A few good links for the outdoors

National Park system

Bureau of Land Management 

Forest Service 
http://www.fs.fed.us/


----------



## photogoddess (Jan 18, 2005)

Terri - That sounds like some good ideas. Zion Narrows & Bryce Canyon... doesn't get any better than that. :mrgreen:


----------



## wolfepakt (Jan 18, 2005)

Iffens yous guys make it , I will have to see if I can get there.  I live about 3 hrs from st. george, (but may be moving there in the next few months!)


----------



## terri (Jan 18, 2005)

Jeff Canes said:
			
		

> He not taking You




Funny guy, aren't ya?      He knows I'm still the best date he's ever had.   Plus, who else but another whacky photography would help him lug his photo gear down that river??? :razz: 

When we get reeeeally serious about reservations I'll be posting it in here... 

I can't wait to see Bryce!!!  Supposed to be amazing!


----------



## carlita (Feb 20, 2005)

i SHOULD be degreed by then. :razz:  but that's around the time i'm supposed to be heading out somewhere (not sure where yet!) for my biorecovery certification course.  so if i can scrape together the funds and it doesn't interfere with my course, i'm all over this!

...and very sad that matt's saying he can't go.


----------



## slow 2 snap (Feb 28, 2005)

It sounds like a lot of fun 
I hope I can make it.
But September is a long way off :roll: .


----------



## terri (Feb 28, 2005)

Well, we've not booked anything and those available cabins are probably gone by now.    It is hard to commit when you're not certain what's coming down the pipe, that's for sure.   

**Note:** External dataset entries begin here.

(* Let $N\ge3$ and $\sigma\in G_N$. Then $$\mathcal F\circ(\sigma\otimes\mathrm{id}_{\mathbb{Q}\langle\langle\widetilde X\rangle\rangle})=\Delta_\sigma\circ\mathcal F\qquad\text{and}\qquad\mathcal F\circ\widetilde\Delta_\sigma=(\sigma\otimes\mathrm{id}_{\mathbb{Q}\langle\langle X\rangle\rangle})\circ\mathcal F.$$
   Context: $\zeta_N=\exp(2\pi i/N)$, $\mu_N$ the complex $N$-th roots of unity, $\iota:\{1,\dots,N\}\to\mathbb{Z}/N\mathbb{Z}$ the residue-class bijection. $K\langle\langle\mathcal L\rangle\rangle$: noncommutative formal power series over $\mathcal L$. Alphabets $X=\{x_0\}\cup\{x_\zeta:\zeta\in\mu_N\}$, $\widetilde X=\{\tilde x\}\cup\{\tilde x_\alpha:\alpha\in\mathbb{Z}/N\mathbb{Z}\}$. $\mathcal F:\mathbb{Q}(\mu_N)\langle\langle\widetilde X\rangle\rangle\to\mathbb{Q}(\mu_N)\langle\langle X\rangle\rangle$ is the continuous $\mathbb{Q}(\mu_N)$-algebra isomorphism $\tilde x\mapsto x_0$, $\tilde x_\alpha\mapsto\sum_{m=1}^N\zeta_N^{-m\iota^{-1}(\alpha)}x_{\zeta_N^m}$. $G_N=\mathrm{Gal}(\mathbb{Q}(\mu_N)/\mathbb{Q})$; each $\sigma\in G_N$ has $\sigma(\zeta_N)=\zeta_N^k$ for a unique $k\in\{1,\dots,N-1\}$ coprime to $N$. $\sigma\otimes\mathrm{id}$ acts on a series by applying $\sigma$ to each coefficient: $\sum_wc_ww\mapsto\sum_w\sigma(c_w)w$. $\Delta_\sigma(\sum_wc_ww)=\sum_w\sigma(c_w)\delta_k(w)$ on $\mathbb{Q}(\mu_N)\langle\langle X\rangle\rangle$, where $\delta_k$ is the algebra automorphism $x_0\mapsto x_0$, $x_\zeta\mapsto x_{\zeta^k}$; $\widetilde\Delta_\sigma(\sum_wc_ww)=\sum_w\sigma(c_w)\tilde\delta_k(w)$ on $\mathbb{Q}(\mu_N)\langle\langle\widetilde X\rangle\rangle$, where $\tilde\delta_k$ is the algebra automorphism $\tilde x\mapsto\tilde x$, $\tilde x_\alpha\mapsto\tilde x_{\iota(k)\alpha}$. *)

From HB Require Import structures.
From mathcomp Require Import all_boot all_order all_algebra all_field.
Unset Printing Implicit Defensive.
Import GRing.Theory.
Local Open Scope ring_scope.

(* Noncommutative formal power series over a finite alphabet A with
   coefficients in L: a coefficient for every word (seq A). *)
Definition series (L : fieldType) (A : finType) := seq A -> L.

(* The continuous map  sum_w c_w w  |->  sum_w f(c_w) Phi(w), where Phi is
   the algebra morphism sending each letter a to the linear combination
   sum_b M a b * b.  Since Phi(w) = Phi(w_1)...Phi(w_n) is homogeneous of
   degree n, the coefficient of a word v in the result is
   sum_{|w| = |v|} f(c_w) * prod_i M w_i v_i. *)
Definition subst_series (L : fieldType) (A B : finType) (f : L -> L)
  (M : A -> B -> L) (S : series L A) : series L B :=
  fun v => \sum_(w : (size v).-tuple A)
             f (S w) * \prod_(i < size v) M (tnth w i) (tnth (in_tuple v) i).

Definition letter_mx (A B : finType) (L : fieldType) (phi : A -> B) : A -> B -> L :=
  fun a b => ((phi a == b) : nat)%:R.

(* Alphabet X = {x_0} u {x_zeta : zeta in mu_N}:  None = x_0,
   Some j = x_{z^j}  (j : 'Z_N, j |-> z^j is the bijection Z/NZ -> mu_N).
   Alphabet Xt = {xt} u {xt_alpha : alpha in Z/NZ}: None = xt, Some a = xt_a. *)
Definition letX (N : nat) := option 'Z_N.
Definition letXt (N : nat) := option 'Z_N.

Definition iota_inv (N : nat) (a : 'Z_N) : nat := if val a == 0%N then N else val a.

Definition F_mx (L : fieldType) (N : nat) (z : L) (a : letXt N) (b : letX N) : L :=
  match a with
  | None => ((b == None) : nat)%:R
  | Some al => \sum_(1 <= m < N.+1)
                 (z ^+ (m * iota_inv N al))^-1 * ((b == Some (m%:R : 'Z_N)) : nat)%:R
  end.

Definition Fmap (L : fieldType) (N : nat) (z : L) (S : series L (letXt N))
  : series L (letX N) := subst_series L (letXt N) (letX N) id (F_mx L N z) S.

Definition coef_act (L : fieldType) (A : finType) (sigma : L -> L) (S : series L A)
  : series L A := fun w => sigma (S w).

(* delta_k : x_0 |-> x_0, x_zeta |-> x_{zeta^k}  (z^j |-> z^{jk}). *)
Definition delta_k (N k : nat) (a : letX N) : letX N :=
  match a with None => None | Some j => Some (k%:R * j) end.

Definition deltat_k (N k : nat) (a : letXt N) : letXt N :=
  match a with None => None | Some al => Some (k%:R * al) end.

Definition Delta (L : fieldType) (N k : nat) (sigma : L -> L) (S : series L (letX N))
  : series L (letX N) := subst_series L (letX N) (letX N) sigma (letter_mx _ _ L (delta_k N k)) S.

Definition Deltat (L : fieldType) (N k : nat) (sigma : L -> L) (S : series L (letXt N))
  : series L (letXt N) := subst_series L (letXt N) (letXt N) sigma (letter_mx _ _ L (deltat_k N k)) S.

Arguments Fmap {L N} z S _.
Arguments Delta {L} N k sigma S _.
Arguments Deltat {L} N k sigma S _.
Arguments coef_act {L A} sigma S _.

From HB Require Import structures.
From mathcomp Require Import all_boot all_order all_algebra all_field.
From Stdlib Require Import FunctionalExtensionality.
Import GRing.Theory.
Local Open Scope ring_scope.

(* F replaces each letter by a row of the matrix M = F_mx, with entries
   M xt_a x_(z^j) = z^(-j a) and M xt x_0 = 1.  An automorphism sigma with
   sigma z = z^k multiplies every exponent by k, and the factor k can be put
   either on the column letter or on the row letter:
   sigma (M a b) = M a (delta_k b) and M (deltat_k a) b = sigma (M a b).
   As k is a unit mod N, delta_k and deltat_k permute the alphabets, so the
   corresponding letter substitutions merely relabel words, and both identities
   follow by reindexing the sums defining the coefficients. *)

Section Substitution.
Set Implicit Arguments.
Unset Strict Implicit.
Variable L : fieldType.

Lemma subst_seriesE (A B : finType) f M (S : series L A) n (v : n.-tuple B) :
  subst_series L A B f M S v =
  \sum_(w : n.-tuple A) f (S w) * \prod_(i < n) M (tnth w i) (tnth v i).
Proof.
case: v => s size_s; have size_sE := eqP size_s; subst n.
by rewrite /subst_series; have -> : Tuple size_s = in_tuple s by apply: val_inj.
Qed.

Lemma prod_letter_mx (A : finType) (d : A -> A) : injective d ->
  forall n (u w : n.-tuple A),
  \prod_(i < n) letter_mx A A L d (tnth u i) (tnth (map_tuple d w) i)
  = (u == w)%:R.
Proof.
move=> d_inj n u w; have [->|neq_uw] := eqVneq u w.
  by rewrite big1 // => i _; rewrite /letter_mx tnth_map eqxx.
have [i neq_i] : exists i, tnth u i != tnth w i.
  apply/existsP; rewrite -negb_forall; apply: contra neq_uw => /forallP eq_uw.
  by apply/eqP/eq_from_tnth => i; apply/eqP.
rewrite (bigD1 i) //= /letter_mx tnth_map (inj_eq d_inj).
by rewrite (negbTE neq_i) mul0r.
Qed.

Lemma subst_letter_mx_map (A : finType) f (d : A -> A) (S : series L A) :
  injective d ->
  forall w, subst_series L A A f (letter_mx A A L d) S (map d w) = f (S w).
Proof.
move=> d_inj w; rewrite (subst_seriesE _ _ _ (map_tuple d (in_tuple w))).
under eq_bigr do rewrite prod_letter_mx //.
rewrite (bigD1 (in_tuple w)) //= eqxx mulr1 big1 ?addr0 // => u /negbTE->.
by rewrite mulr0.
Qed.

Variable sigma : {rmorphism L -> L}.

Lemma subst_coef_act (A B : finType) (M : A -> B -> L) (d : B -> B) :
  injective d -> (forall a b, sigma (M a b) = M a (d b)) ->
  forall (S : series L A) v, subst_series L A B id M (coef_act sigma S) v
  = subst_series L B B sigma (letter_mx B B L d) (subst_series L A B id M S) v.
Proof.
move=> d_inj sigmaM S v; have [dinv _ dinvK] := injF_bij d_inj.
rewrite -[v](mapK dinvK) subst_letter_mx_map //; move: (map dinv v) => w.
rewrite (subst_seriesE _ _ _ (map_tuple d (in_tuple w))).
rewrite (subst_seriesE _ _ _ (in_tuple w)).
rewrite rmorph_sum; apply: eq_bigr => u _; rewrite rmorphM rmorph_prod.
by congr (_ * _); apply: eq_bigr => i _; rewrite tnth_map sigmaM.
Qed.

Lemma subst_letter_mx_subst (A B : finType) (M : A -> B -> L) (d : A -> A) :
  injective d -> (forall a b, M (d a) b = sigma (M a b)) ->
  forall (S : series L A) v,
  subst_series L A B id M (subst_series L A A sigma (letter_mx A A L d) S) v
  = sigma (subst_series L A B id M S v).
Proof.
move=> d_inj dM S v; rewrite !(subst_seriesE _ _ _ (in_tuple v)) rmorph_sum.
have map_d_inj : injective (@map_tuple (size v) _ _ d).
  by move=> u w /(congr1 val) /(inj_map d_inj) /val_inj.
rewrite (reindex_inj map_d_inj); apply: eq_bigr => w _.
rewrite /= subst_letter_mx_map // rmorphM rmorph_prod; congr (_ * _).
by apply: eq_bigr => i _; rewrite tnth_map dM.
Qed.

End Substitution.

Section CyclotomicLetters.
Set Implicit Arguments.
Unset Strict Implicit.
Variable N : nat.
Hypothesis N_gt1 : (1 < N)%N.

Lemma iota_invE (x : 'Z_N) : (iota_inv N x)%:R = x.
Proof.
rewrite /iota_inv; case: eqP => [x0|_]; last exact: natr_Zp.
by rewrite pchar_Zp //; apply: val_inj; rewrite x0.
Qed.

Lemma iota_inv_natK m : (0 < m <= N)%N -> iota_inv N m%:R = m.
Proof.
case/andP=> m_gt0; rewrite leq_eqVlt => /orP[/eqP->|m_ltN].
  by rewrite /iota_inv /= val_Zp_nat // modnn.
by rewrite /iota_inv /= val_Zp_nat // modn_small // eqn0Ngt m_gt0.
Qed.

Lemma iota_inv_bounds (x : 'Z_N) : (0 < iota_inv N x <= N)%N.
Proof.
have x_ltN : (val x < N)%N by rewrite -[X in (_ < X)%N](Zp_cast N_gt1) ltn_ord.
rewrite /iota_inv; case: eqP => [_|x_neq0]; first by rewrite (ltnW N_gt1) leqnn.
by rewrite lt0n; apply/andP; split; [apply/eqP | apply: ltnW].
Qed.

Lemma delta_k_inj k : coprime k N -> injective (delta_k N k).
Proof.
move=> kN; have k_unit : (k%:R : 'Z_N) \is a GRing.unit.
  by rewrite unitZpE // coprime_sym.
by case=> [x|] [y|] // /(congr1 (omap ( *%R (k%:R)^-1))) /=; rewrite !mulKr.
Qed.

Variables (L : fieldType) (z : L).
Hypothesis z_prim : N.-primitive_root z.

Lemma expr_natZp m : z ^+ m = z ^+ val (m%:R : 'Z_N).
Proof.
by apply/eqP; rewrite (eq_prim_root_expr z_prim) /= val_Zp_nat // modn_mod.
Qed.

Lemma F_mx_some (a j : 'Z_N) :
  F_mx L N z (Some a) (Some j) = (z ^+ val (j * a))^-1.
Proof.
rewrite /F_mx (bigD1_seq (iota_inv N j)) ?iota_uniq //=; last first.
  by rewrite mem_index_iota ltnS iota_inv_bounds.
rewrite iota_invE eqxx mulr1 expr_natZp natrM !iota_invE big1_seq ?addr0 //.
move=> m /andP[m_neq]; rewrite mem_index_iota ltnS => m_range.
case: eqP => [[j_m]|_]; last by rewrite mulr0.
by move: m_neq; rewrite j_m iota_inv_natK ?eqxx.
Qed.

Lemma F_mx_some_none (a : 'Z_N) : F_mx L N z (Some a) None = 0.
Proof. by rewrite /F_mx big1 // => m _; rewrite mulr0. Qed.

Variables (sigma : {rmorphism L -> L}) (k : nat).
Hypothesis sigma_z : sigma z = z ^+ k.

Lemma rmorph_expr_valZp (x : 'Z_N) : sigma (z ^+ val x) = z ^+ val (k%:R * x).
Proof. by rewrite rmorphXn sigma_z -exprM expr_natZp natrM natr_Zp. Qed.

Lemma F_mx_rmorph a b : sigma (F_mx L N z a b) = F_mx L N z a (delta_k N k b).
Proof.
case: a b => [a|] [j|];
  rewrite /delta_k ?F_mx_some ?F_mx_some_none ?rmorph0 //.
  by rewrite fmorphV rmorph_expr_valZp mulrA.
all: by rewrite /= rmorph_nat.
Qed.

Lemma F_mx_deltat a b : F_mx L N z (deltat_k N k a) b = sigma (F_mx L N z a b).
Proof.
case: a b => [a|] [j|];
  rewrite /deltat_k ?F_mx_some ?F_mx_some_none ?rmorph0 //.
  by rewrite fmorphV rmorph_expr_valZp mulrCA.
all: by rewrite /= rmorph_nat.
Qed.

End CyclotomicLetters.

Theorem lemma3p13 (N : nat) (hN : (3 <= N)%N)
  (L : fieldExtType rat) (z : L)
  (hz : N.-primitive_root z) (hgen : <<1%VS; z>>%VS = fullv)
  (sigma : 'End(L)) (hsigma : kAut 1%VS fullv sigma)
  (k : nat) (hk1 : (1 <= k < N)%N) (hkN : coprime k N)
  (hsk : sigma z = z ^+ k) :
  (forall S : series L (letXt N),
     Fmap z (coef_act sigma S) = Delta N k sigma (Fmap z S)) /\
  (forall S : series L (letXt N),
     Fmap z (Deltat N k sigma S) = coef_act sigma (Fmap z S)).
Proof.
have N_gt1 : (1 < N)%N by apply: ltnW.
have sigma_mult : monoid_morphism sigma.
  by apply/kHom_monoid_morphism; case/andP: hsigma.
pose sigmaR : {rmorphism L -> L} :=
  HB.pack (fun_of_lfun sigma) (GRing.isMonoidMorphism.Build _ _ _ sigma_mult).
have sigmaR_z : sigmaR z = z ^+ k := hsk.
(* delta_k N k and deltat_k N k are the same map on option 'Z_N. *)
have scale_inj := delta_k_inj N_gt1 hkN.
split=> S; apply: functional_extensionality.
- exact: (subst_coef_act scale_inj (F_mx_rmorph N_gt1 hz sigmaR_z)).
- exact: (subst_letter_mx_subst scale_inj (F_mx_deltat N_gt1 hz sigmaR_z)).
Qed.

Dates are wide open for me except for the weekend of October 15th, I have an arts festival that weekend.


----------



## wolfepakt (Mar 14, 2005)

If you guys come I wll most definitely have to try to get with you!
I just accepted a job in Hurricane (about 15 miles from Zion)
I will just have to hope to have a better camera by then!
(Very possible seeing as I will be working for Wal-Mart and get an employee discount!)


----------



## wolfepakt (Apr 16, 2005)

OK it is official, I live in La Verkin (20 North of St. George!) Let me know if yall are coming! (Oh, and my schedule at work, I get off at Noonish on Fridays and go back Tues morning at 1)


----------



## stephiwoo (May 9, 2005)

its only a 14 hour drive from this part of Washington..sounds like a great time


----------